I've recently undertaken the task of writing a stack-based programming language. Before I started designing my language however, I thought it'd be a good idea to read and experiment with existing stack-based languages.
This brings me to the topic of this post. I was reading through the Wikipedia article on Forth, a stack-based language which uses postfix style expressions. In the article, I saw the following statement:
Forth's flexibility makes a static BNF grammar inappropriate, and it does not have a monolithic compiler. Extending the compiler only requires writing a new word, instead of modifying a grammar and changing the underlying implementation.
From my understanding, in Forth lingo, the term "word" seems to be basically synonymous with "subroutine". Given this, the above statement seems strange. Why exactly would the ability to create new functions in Forth make a formal grammar for Forth inappropriate? Why would you need to re-write the grammar for each new subroutine you define? How does writing a new word in the environment constitute extending the compiler? The above statement seems akin to saying that a formal grammar is inappropriate for Python because you can define new functions.

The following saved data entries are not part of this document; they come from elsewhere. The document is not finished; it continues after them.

(* Let $V$ be a real Hilbert space, $W\subset V$ a subspace of finite dimension $m$, $\mathcal M\subset V$ a bounded set, and $Z_N\subset V$ a subspace of finite dimension $N$. Let $\widetilde W^\perp$ be the orthogonal complement of $W$ in $W+Z_N$, and set $\varepsilon_N:=\sup_{u\in\mathcal M}\operatorname{dist}(u,Z_N)$. Define, for $c\in W^\perp$ and linear $B:W\to W^\perp$, $$F(c,B)=\sup_{u\in\mathcal M}\|P_{W^\perp}u-c-B(P_Wu)\|,$$ and suppose $(\bar c,\bar B)$ minimizes $F$ over $\widetilde W^\perp\times\mathcal L(W,\widetilde W^\perp)$. Let $\widetilde A(w)=w+\bar c+\bar B w$. Then, with $E^*_{\mathrm{wca}}(\mathcal M):=\inf\{E_{\mathrm{wc}}(A,\mathcal M): A:W\to V\text{ affine}\}$, $$E^*_{\mathrm{wca}}(\mathcal M)\le E_{\mathrm{wc}}(\widetilde A,\mathcal M)\le E^*_{\mathrm{wca}}(\mathcal M)+\varepsilon_N.$$
   Context: $P_W$, $P_{W^\perp}$ are orthogonal projections onto $W$ and its orthogonal complement $W^\perp$ in $V$. $\mathcal L(X,Y)$ denotes linear maps from $X$ to $Y$. For a map $A:W\to V$, $E_{\mathrm{wc}}(A,\mathcal M)=\sup\{\|u-A(P_Wu)\|:u\in\mathcal M\}$. $\operatorname{dist}(u,Z_N)=\inf_{z\in Z_N}\|u-z\|$. *)

From HB Require Import structures.
From mathcomp Require Import all_boot all_order all_algebra.
From mathcomp Require Import all_classical all_reals.
From mathcomp Require Import ereal topology normedtype.
Set Implicit Arguments. Unset Strict Implicit. Unset Printing Implicit Defensive.
Import Order.TTheory GRing.Theory Num.Theory.
Import numFieldNormedType.Exports.
Local Open Scope classical_set_scope.
Local Open Scope ring_scope.
Local Open Scope ereal_scope.
Local Open Scope ring_scope.
Lemma measure_list_union {X : Type} (E : X -> LO N -> Prop) (l : list X) :
  NoDup l -> (forall x, In x l -> borel (E x)) ->
  (forall x y L, In x l -> In y l -> x <> y -> E x L -> E y L -> False) ->
  mu (fun L => exists x, In x l /\ E x L) = lsum (fun x => mu (E x)) l.
Proof.
  induction l as [|x l IH]; intros Hnd HE Hdisj.
  - apply measure_null. intros L [_ [[] _]].
  - inversion Hnd as [|? ? Hx Hnd']; subst. simpl.
    replace (fun L => exists y, (x = y \/ In y l) /\ E y L)
      with (fun L => E x L \/ exists y, In y l /\ E y L).
    2:{ apply event_ext; intro L; split.
        - intros [H|[y [Hy H]]]; [exists x | exists y]; auto.
        - intros [y [[<-|Hy] H]]; auto. right; exists y; auto. }
    rewrite measure_add, IH; auto.
    + intros; apply HE; simpl; auto.
    + intros y z L Hy Hz; apply Hdisj; simpl; auto.
    + apply HE; simpl; auto.
    + apply borel_exists_list; intros; apply HE; simpl; auto.
    + intros L H1 [y [Hy H2]]. apply (Hdisj x y L); simpl; auto.
      intro; subst; auto.
Qed.

Definition union_upto (A : nat -> LO N -> Prop) (k : nat) : LO N -> Prop :=
  fun L => exists n, (n < k)%nat /\ A n L.

Lemma union_upto_0 A : union_upto A 0 = (fun _ => False).
Proof. apply event_ext; intro L; split; [intros [n [H _]]; lia | tauto]. Qed.

Lemma union_upto_S A k : union_upto A (S k) = (fun L => union_upto A k L \/ A k L).
Proof.
  apply event_ext; intro L; split.
  - intros [n [Hn H]]. destruct (Nat.eq_dec n k) as [->|]; auto.
    left; exists n; split; auto; lia.
  - intros [[n [Hn H]]|H]; [exists n | exists k]; split; auto; lia.
Qed.

Lemma borel_union_upto A k : (forall n, borel (A n)) -> borel (union_upto A k).
Proof.
  intro HA; induction k.
  - rewrite union_upto_0; apply borel_false.
  - rewrite union_upto_S; apply borel_or; auto.
Qed.

(* Continuity from below: finite unions exhaust the measure of a countable one.
   Apply countable additivity to the disjointified sequence D n = A n \ (A_0 u .. u A_(n-1)). *)
Lemma measure_continuity (A : nat -> LO N -> Prop) : (forall n, borel (A n)) ->
  forall e, e > 0 -> exists M, mu (fun L => exists n, A n L) - mu (union_upto A M) < e.
Proof.
  intros HA e He.
  set (D := fun n L => A n L /\ ~ union_upto A n L).
  assert (HD : forall n, borel (D n)) by (intro; apply borel_diff; auto using borel_union_upto).
  assert (HDdisj : forall m n L, m <> n -> D m L -> D n L -> False).
  { intros m n L Hmn [H1 H2] [H3 H4]. destruct (Nat.lt_ge_cases m n).
    - apply H4; exists m; auto.
    - apply H2; exists n; split; auto; lia. }
  destruct Hmu as [_ [_ Hadd]].
  pose proof (Hadd D HD HDdisj) as Hs.
  replace (fun L => exists n, D n L) with (fun L => exists n, A n L) in Hs.
  2:{ apply event_ext; intro L; split.
      - intros [n Hn]. induction n as [n IH] using lt_wf_ind.
        destruct (classic (union_upto A n L)) as [[k [Hk Hk']]|Hnot].
        + exact (IH k Hk Hk').
        + exists n; split; auto.
      - intros [n [Hn _]]; exists n; auto. }
  assert (Hpartial : forall n, mu (union_upto A (S n)) = sum_f_R0 (fun n => mu (D n)) n).
  { induction n as [|n IH].
    - simpl. f_equal. apply event_ext; intro L; unfold D, union_upto; split.
      + intros [n [Hn H]]. replace n with O in H by lia.
        split; auto. intros [k [Hk _]]; lia.
      + intros [H _]. exists O; split; auto.
    - simpl sum_f_R0. rewrite <- IH, (union_upto_S _ (S n)).
      replace (fun L => union_upto A (S n) L \/ A (S n) L)
        with (fun L => union_upto A (S n) L \/ D (S n) L).
      + rewrite measure_add; auto using borel_union_upto. intros L H1 [_ H2]; auto.
      + apply event_ext; intro L; unfold D.
        destruct (classic (union_upto A (S n) L)); tauto. }
  destruct (Hs e He) as [M HM]. exists (S M). rewrite Hpartial.
  specialize (HM M (Nat.le_refl _)). unfold Rdist in HM. split_Rabs; lra.
Qed.

Lemma measure_and_null_symdiff A A' : borel A -> borel A' ->
  mu (symdiff A A') = 0 -> mu (fun L => A L /\ A' L) = mu A.
Proof.
  intros HA HA' Hnull.
  pose proof (measure_diff (fun L => A L /\ A' L) A (borel_and _ _ HA HA') HA
                (fun L H => proj1 H)) as Hdiff. cbv beta in Hdiff.
  assert (Hle : mu (fun L => A L /\ ~ (A L /\ A' L)) <= mu (symdiff A A')).
  { apply measure_mono; auto using borel_symdiff, borel_diff, borel_and.
    intros L; unfold symdiff; tauto. }
  pose proof (measure_nonneg _ (borel_diff _ _ HA (borel_and _ _ HA HA'))). lra.
Qed.

Lemma measure_and_symdiff_bound A A' B B' : borel A -> borel A' -> borel B -> borel B' ->
  Rabs (mu (fun L => A L /\ A' L) - mu (fun L => B L /\ B' L))
    <= mu (symdiff A B) + mu (symdiff A' B').
Proof.
  intros HA HA' HB HB'.
  eapply Rle_trans; [apply measure_symdiff_bound; apply borel_and; auto|].
  apply measure_cover; auto using borel_symdiff, borel_and.
  intros L; unfold symdiff; tauto.
Qed.

Definition approximable (A : LO N -> Prop) : Prop :=
  forall e, e > 0 -> exists B, cylinder B /\ mu (symdiff A B) <= e.

Lemma approximable_or A1 A2 : borel A1 -> borel A2 ->
  approximable A1 -> approximable A2 -> approximable (fun L => A1 L \/ A2 L).
Proof.
  intros HA1 HA2 Hap1 Hap2 e He.
  assert (He2 : e / 2 > 0) by lra.
  destruct (Hap1 _ He2) as [B1 [HB1 Hle1]], (Hap2 _ He2) as [B2 [HB2 Hle2]].
  exists (fun L => B1 L \/ B2 L). split; [apply cylinder_or; auto|].
  pose proof (proj1 HB1). pose proof (proj1 HB2).
  eapply Rle_trans; [apply (measure_cover (symdiff A1 B1) (symdiff A2 B2))|];
    auto using borel_symdiff, borel_or; [|lra].
  intro L; unfold symdiff; tauto.
Qed.
(* If an edge of G joins e to f, then e and f already span a connected induced
   subgraph, which by minimality is J(e,f).  Otherwise take a shortest walk
   x_0 ... x_m inside J(e,f) from an end of e to an end of f; since e and f are
   disjoint and not joined, m >= 2.  The walk together with e and f spans a
   connected induced subgraph of J(e,f), hence all of it.  Shortness means that
   any shortcut would give a shorter walk: the walk is an induced path, it meets
   e only in x_0 and f only in x_m, and the other end of e (resp. f) can only be
   adjacent to x_0, x_1 (resp. x_(m-1), x_m); this determines the edge set.
   Finally, if an inner vertex z did not separate e from f, the component of
   G \ z containing e and f would be a connected spanning set avoiding z, so by
   minimality it would contain J(e,f), which contains z. *)

Lemma ex_minimal_nat (P : nat -> Prop) :
  (exists m, P m) -> exists2 m, P m & forall l, P l -> m <= l.
Proof.
move=> exP.
have [m [[Pm m_min] _]] :=
  dec_inh_nat_subset_has_unique_least_element P (fun l => classic (P l)) exP.
by exists m => // l /m_min/leP.
Qed.

Section Walks.
Variables (T : Type) (r : rel T).

Definition walk (x : nat -> T) (m : nat) := forall i, i < m -> r (x i) (x i.+1).

Lemma walk0 x : walk x 0.
Proof. by []. Qed.

Lemma walk_prefix x m i : walk x m -> i <= m -> walk x i.
Proof. by move=> xw im t ti; apply: xw; apply: leq_trans im. Qed.

Lemma walk_shift j x m : walk x m -> walk (fun t => x (t + j)) (m - j).
Proof. by move=> xw t tlt; rewrite addSn; apply: xw; lia. Qed.

Definition glue (x y : nat -> T) i t := if t <= i then x t else y (t - i.+1).

Lemma glue_head x y i t : t <= i -> glue x y i t = x t.
Proof. by rewrite /glue => ->. Qed.

Lemma glue_tail x y i t : glue x y i (i.+1 + t) = y t.
Proof. by rewrite /glue ifN; [rewrite addKn | lia]. Qed.

Lemma walk_glue x y i l :
  walk x i -> r (x i) (y 0) -> walk y l -> walk (glue x y i) (i + l).+1.
Proof.
move=> xw xy yw t tlt; case: (ltngtP t i) => [ti|it|->].
- by rewrite !glue_head ?xw // ltnW.
- have [s ts] : exists s, t = i.+1 + s by exists (t - i.+1); lia.
  by subst t; rewrite -addnS !glue_tail yw //; lia.
- by rewrite glue_head // -[i.+1]addn0 glue_tail.
Qed.

End Walks.

Lemma walk_connect (T : finType) (r : rel T) x m i :
  walk r x m -> i <= m -> connect r (x 0) (x i).
Proof.
move=> xw; elim: i => [|i IHi] im; first exact: connect0.
exact: connect_trans (IHi (ltnW im)) (connect1 (xw _ im)).
Qed.

Lemma connect_walk (T : finType) (r : rel T) a b :
  connect r a b -> exists x m, [/\ x 0 = a, x m = b & walk r x m].
Proof.
case/connectP=> s rs ->; exists (nth a (a :: s)), (size s).
by split=> // [|i]; [rewrite -[size s]/(size (a :: s)).-1 nth_last | apply/pathP].
Qed.

Section ShortestWalk.
Variables (T : Type) (r : rel T) (P Q : {pred T}).

Definition shortest_walk x m := [/\ x 0 \in P, x m \in Q, walk r x m &
  forall y l, y 0 \in P -> y l \in Q -> walk r y l -> m <= l].

Lemma shortest_walk_exists :
  (exists x m, [/\ x 0 \in P, x m \in Q & walk r x m]) -> exists x m, shortest_walk x m.
Proof.
move=> [x0 [m0 w0]].
have [m [x [x0P xmQ xw]] m_min] := @ex_minimal_nat
  (fun m => exists x, [/\ x 0 \in P, x m \in Q & walk r x m]) (ex_intro _ m0 (ex_intro _ x0 w0)).
by exists x, m; split=> // y l y0P ylQ yw; apply: m_min; exists y.
Qed.

Variables (x : nat -> T) (m : nat).
Hypothesis xs : shortest_walk x m.
Let x0P : x 0 \in P. Proof. by case: xs. Qed.
Let xmQ : x m \in Q. Proof. by case: xs. Qed.
Let xw : walk r x m. Proof. by case: xs. Qed.
Let x_shortest : forall y l, y 0 \in P -> y l \in Q -> walk r y l -> m <= l.
Proof. by case: xs. Qed.

Let shortest_glue y z i l : walk r y i -> r (y i) (z 0) -> walk r z l ->
  y 0 \in P -> z l \in Q -> m <= (i + l).+1.
Proof.
move=> yw yz zw y0P zlQ; apply: x_shortest (walk_glue yw yz zw).
  by rewrite glue_head.
by rewrite -addSn glue_tail.
Qed.
Lemma weight_polyE : weight_poly = \sum_(k < M.+1) k.+1%:R *: 'X^k.
Proof. exact: poly_def. Qed.

Lemma coef_weight_polyX n m :
  (m <= M)%N -> (weight_poly ^+ n.+1)`_m = 'C(m + 2 * n + 1, m)%:R.
Proof.
elim: n m => [|n IHn] m le_mM.
  by rewrite expr1 coef_poly ltnS le_mM muln0 addn0 addn1 binSn.
rewrite exprSr coefM.
have -> : \sum_(j < m.+1) (weight_poly ^+ n.+1)`_j * weight_poly`_(m - j) =
          \sum_(j < m.+1) ('C(j + (2 * n + 1), j) * (m - j).+1)%N%:R.
  apply: eq_bigr => j _.
  have le_jM : (j <= M)%N by apply: leq_trans le_mM; rewrite -ltnS.
  by rewrite IHn // coef_poly ltnS (leq_trans (leq_subr _ _) le_mM) natrM addnA.
by rewrite -natr_sum hockey_stick_weighted; congr (_%:R); congr 'C(_, _); lia.
Qed.

Variable V : finType.

Lemma coef_prod_config (g : V -> nat -> R) :
  (\prod_v \sum_(k < M.+1) g v k *: 'X^k)`_M =
  \sum_(xi : config V M | in_CNM xi) \prod_v g v (xi v).
Proof.
rewrite bigA_distr_bigA coef_sum [RHS]big_mkcond /=; apply: eq_bigr => xi _.
have -> : \prod_v (g v (xi v) *: 'X^(xi v)) =
          (\prod_v g v (xi v)) *: 'X^(\sum_v (xi v : nat)).
  rewrite -mul_polyC rmorph_prod -prodrXr -big_split /=.
  by apply: eq_bigr => v _; rewrite mul_polyC.
by rewrite coefZ coefXn eq_sym /in_CNM; case: eqP; rewrite ?mulr1 ?mulr0.
Qed.

Definition config_weight (xi : config V M) : R := \prod_v (xi v).+1%:R.

Lemma sum_config_weight : (0 < #|V|)%N ->
  \sum_(xi | in_CNM xi) config_weight xi = 'C(M + 2 * #|V| - 1, M)%:R.
Proof.
move=> V_gt0; rewrite -(coef_prod_config (fun _ k => k.+1%:R)).
rewrite (eq_bigr (fun _ => weight_poly)) => [|v _]; last by rewrite weight_polyE.
rewrite prodr_const; case: #|V| V_gt0 => // n _.
by rewrite coef_weight_polyX //; congr (_%:R); congr 'C(_, _); lia.
Qed.

(* Fixing [xi x = c] replaces the factor at [x] by the monomial [(c + 1) X^c]. *)
Lemma sum_config_weight_at x c : (1 < #|V|)%N -> (c <= M)%N ->
  \sum_(xi | in_CNM xi && (xi x == c :> nat)) config_weight xi =
  c.+1%:R * 'C(M - c + 2 * #|V| - 3, M - c)%:R.
Proof.
move=> V_gt1 le_cM.
pose g v k : R := if v == x then (k == c)%:R * k.+1%:R else k.+1%:R.
have -> : \sum_(xi | in_CNM xi && (xi x == c :> nat)) config_weight xi =
          \sum_(xi : config V M | in_CNM xi) \prod_v g v (xi v).
  rewrite big_mkcondr /=; apply: eq_bigr => xi _.
  rewrite /config_weight (bigD1 x) //= [in RHS](bigD1 x) //= /g eqxx.
  rewrite [in RHS](eq_bigr (fun v => (xi v).+1%:R)) => [|v /negbTE -> //].
  by case: eqP; rewrite ?mul1r ?mul0r.
rewrite -coef_prod_config (bigD1 x) //=.
rewrite (eq_bigr (P := fun v => v != x) (fun _ => weight_poly)); last first.
  by move=> v /negbTE v_x; rewrite weight_polyE /g; apply: eq_bigr => k _; rewrite v_x.
have -> : \sum_(k < M.+1) g x k *: 'X^k = c.+1%:R *: 'X^c.
  rewrite (bigD1 (Ordinal (le_cM : (c < M.+1)%N))) //= /g !eqxx mul1r.
  rewrite big1 ?addr0 // => k k_c.
  suff /negbTE -> : k != c :> nat by rewrite mul0r scale0r.
  by apply: contra k_c => /eqP k_c; apply/eqP/val_inj.
rewrite prodr_const -scalerAl coefZ coefXnM ltnNge le_cM /= cardC1.
case: #|V| V_gt1 => [|[|n]] // _.
by rewrite coef_weight_polyX ?leq_subr //; congr (_ * 'C(_, _)%:R); lia.
Qed.

End WeightCounting.

Section SavingModel.
Variables (R : realType) (V : finType) (e : rel V) (M : nat).
Hypothesis e_irr : irreflexive e.
Local Notation config := (config V M).

Definition edge_step (xi xi' : config) (x y : V) : R :=
  \sum_(cx < (xi x).+1) \sum_(cy < (xi y).+1)
    \sum_(u < (xi x + xi y - cx - cy).+1)
      ((xi x).+1%:R^-1 / (xi y).+1%:R / (xi x + xi y - cx - cy).+1%:R *
       (if [forall z, xi' z == update xi x y cx u z :> nat] then 1 else 0)).

Lemma step_probE xi xi' : step_prob R e xi xi' =
  #|edges e|%:R^-1 * \sum_(p in edges e) edge_step xi xi' p.1 p.2.
Proof. by []. Qed.

Lemma edge_neq p : p \in edges e -> p.1 != p.2.
Proof. by rewrite inE; case: eqP => // ->; rewrite e_irr. Qed.

Definition edge_move (xi xi' : config) (x y : V) : bool :=
  [forall z, (z != x) && (z != y) ==> (xi' z == xi z :> nat)] &&
  (xi' x + xi' y == xi x + xi y)%N.

Lemma edge_move_refl xi x y : edge_move xi xi x y.
Proof. by rewrite /edge_move eqxx andbT; apply/forallP => z; apply/implyP. Qed.

Lemma edge_moveC xi xi' x y : edge_move xi xi' x y = edge_move xi' xi x y.
Proof.
rewrite /edge_move eq_sym; congr (_ && _).
by apply: eq_forallb => z; rewrite [X in _ ==> X]eq_sym.
Qed.

Lemma edge_move_CNM xi xi' x y :
  x != y -> edge_move xi xi' x y -> in_CNM xi' = in_CNM xi.
Proof.
move=> xy /andP[/forallP same_off /eqP same_xy]; rewrite /in_CNM.
rewrite (bigD2 _ _ xy) [in RHS](bigD2 _ _ xy) /= !addnA same_xy.
by congr (_ + _ == _)%N; apply: eq_bigr => z z_off; apply/eqP/(implyP (same_off z)).
Qed.
Variables (alpha t : R) (sg p P q Q n : Z).
Hypothesis sg_unit : sg = 1%Z \/ sg = (-1)%Z.
Hypothesis det_convergents : (Q * p - P * q = - sg)%Z.
Hypothesis error_q : IZR q * alpha - IZR p = IZR sg * t.
Hypothesis error_lower : 1 <= 2 * t * IZR Q.
Hypothesis error_upper : t * IZR Q < 1.
Hypothesis q_range : (1 <= q <= n)%Z.
Hypothesis n_lt_Q : (n < Q)%Z.

Lemma divide_q_of_divide_mul_p (c : Z) : (q | c * p)%Z -> (q | c)%Z.
Proof.
  intros Hdiv. apply (Z.gauss q p c); [rewrite Z.mul_comm; exact Hdiv |].
  apply Z.bezout_1_gcd. exists (sg * P)%Z, (- sg * Q)%Z.
  destruct sg_unit; subst sg; lia.
Qed.

Lemma scaled_error (k m : Z) :
  IZR q * Rabs (IZR k * alpha - IZR m) =
    Rabs (IZR (sg * (k * p - m * q)) + IZR k * t).
Proof.
  assert (Ht : t = IZR sg * (IZR q * alpha - IZR p))
    by (destruct sg_unit; subst sg; simpl in *; lra).
  assert (Hq : 0 <= IZR q) by (apply IZR_le; lia).
  rewrite <- (Rabs_right (IZR q)) at 1 by lra. rewrite <- Rabs_mult.
  destruct sg_unit; subst sg; rewrite Ht, mult_IZR, minus_IZR, !mult_IZR; simpl.
  - f_equal. ring.
  - rewrite <- Rabs_Ropp. f_equal. ring.
Qed.

Lemma kt_range (k : Z) : (1 <= k <= n)%Z -> 0 < IZR k * t /\ (IZR k + 1) * t < 1.
Proof.
  intros Hk.
  assert (1 <= IZR k) by (apply IZR_le; lia).
  assert (IZR k + 1 <= IZR Q) by (rewrite <- plus_IZR; apply IZR_le; lia).
  split; nra.
Qed.

Lemma Rabs_mul_sub_ge (k m : Z) :
  (1 <= k <= n)%Z -> / (2 * IZR n * IZR Q) <= Rabs (IZR k * alpha - IZR m).
Proof.
  intros Hk. destruct (kt_range k Hk) as [Hkt0 Hkt1].
  assert (Hk1 : 1 <= IZR k) by (apply IZR_le; lia).
  assert (Hq : 1 <= IZR q) by (apply IZR_le; lia).
  assert (Hqn : IZR q <= IZR n) by (apply IZR_le; lia).
  assert (HQ : 0 < IZR Q) by (apply IZR_lt; lia).
  assert (Ht : 0 < t) by nra.
  set (z := (sg * (k * p - m * q))%Z).
  assert (Hz : t <= Rabs (IZR z + IZR k * t)).
  { destruct (Z.eq_dec z 0) as [-> | Hz0]; [rewrite Rabs_right; simpl; nra |].
    destruct (Z.eq_dec z (-1)) as [-> | Hz1]; [rewrite Rabs_left1; simpl; nra |].
    assert (Hu : 0 < IZR k * t < 1) by lra.
    pose proof (Rabs_IZR_add_ge_1 z (IZR k * t) Hu Hz0 Hz1). nra. }
  pose proof (scaled_error k m) as Hscaled. fold z in Hscaled.
  set (d := Rabs (IZR k * alpha - IZR m)) in *.
  assert (Hd : 0 <= d) by apply Rabs_pos.
  apply (Rmult_le_reg_l (2 * IZR n * IZR Q)); [nra |].
  rewrite Rinv_r by (apply Rgt_not_eq; nra).
  assert (IZR q * d <= IZR n * d) by (apply Rmult_le_compat_r; lra).
  nra.
Qed.
Definition is_lca (a b z : T) : bool :=
  [&& anc a z, anc b z & [forall w, (anc a w && anc b w) ==> anc z w]].

Definition lca (a b : T) : T := odflt r [pick z | is_lca a b z].
End Trees.

Section RBMG.
Variables (V S : finType).

Definition best_match (U : {set V}) (sigma : V -> S) (T : finType) (p : T -> T) (r : T)
  (lf : V -> T) (x y : V) : Prop :=
  [/\ x \in U, y \in U, sigma x != sigma y &
      forall y', y' \in U -> sigma y' = sigma y ->
        anc p (lca p r (lf x) (lf y)) (lca p r (lf x) (lf y'))].

(* (T,sigma) with leaf set U (via the bijection lf : U -> leaves) explains (U,E) *)
Definition explains (U : {set V}) (E : {set {set V}}) (sigma : V -> S)
  (T : finType) (p : T -> T) (r : T) (lf : V -> T) : Prop :=
  [/\ phylo_tree p r,
      {in U &, injective lf},
      (forall t, is_leaf p r t <-> exists2 a, a \in U & lf a = t) &
      (forall a b, a \in U -> b \in U ->
         (adj E a b <-> best_match U sigma p r lf a b /\ best_match U sigma p r lf b a))].

(* n-RBMG; the empty graph is regarded as (explained by the empty tree) *)
Definition nRBMG (U : {set V}) (E : {set {set V}}) (sigma : V -> S) (n : nat) : Prop :=
  properly_colored U E sigma n /\
  (U = set0 \/ exists (T : finType) (p : T -> T) (r : T) (lf : V -> T),
                 explains U E sigma p r lf).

In fact, I decided to attempt to write a BNF style grammar for a simple subset of Forth below:
program ::= stmt+ stmt ::= func | expr func ::= ':' expr+ ';' expr ::= INTEGER | word word ::= ('+' | '-' | '*' | '/' )
The above grammar would seem to cover a valid subset of Forth statements, and doesn't seem that hard to extended to cover all valid statements in the Forth language. Furthermore, if a compiler's parser implements the above grammar, I fail to see how the compiler would ever be extended. The compiler will simply add any new words to it's environment. Only the environment is changed. It almost seems as if the above excerpt from Wikipedia is conflating the underlining code that composes the compiler (which does not change) with the compiler's environment (which does change).
In summary, why would Forth's ablitiy to define new words (subroutines) make is inappropriate for a written grammar?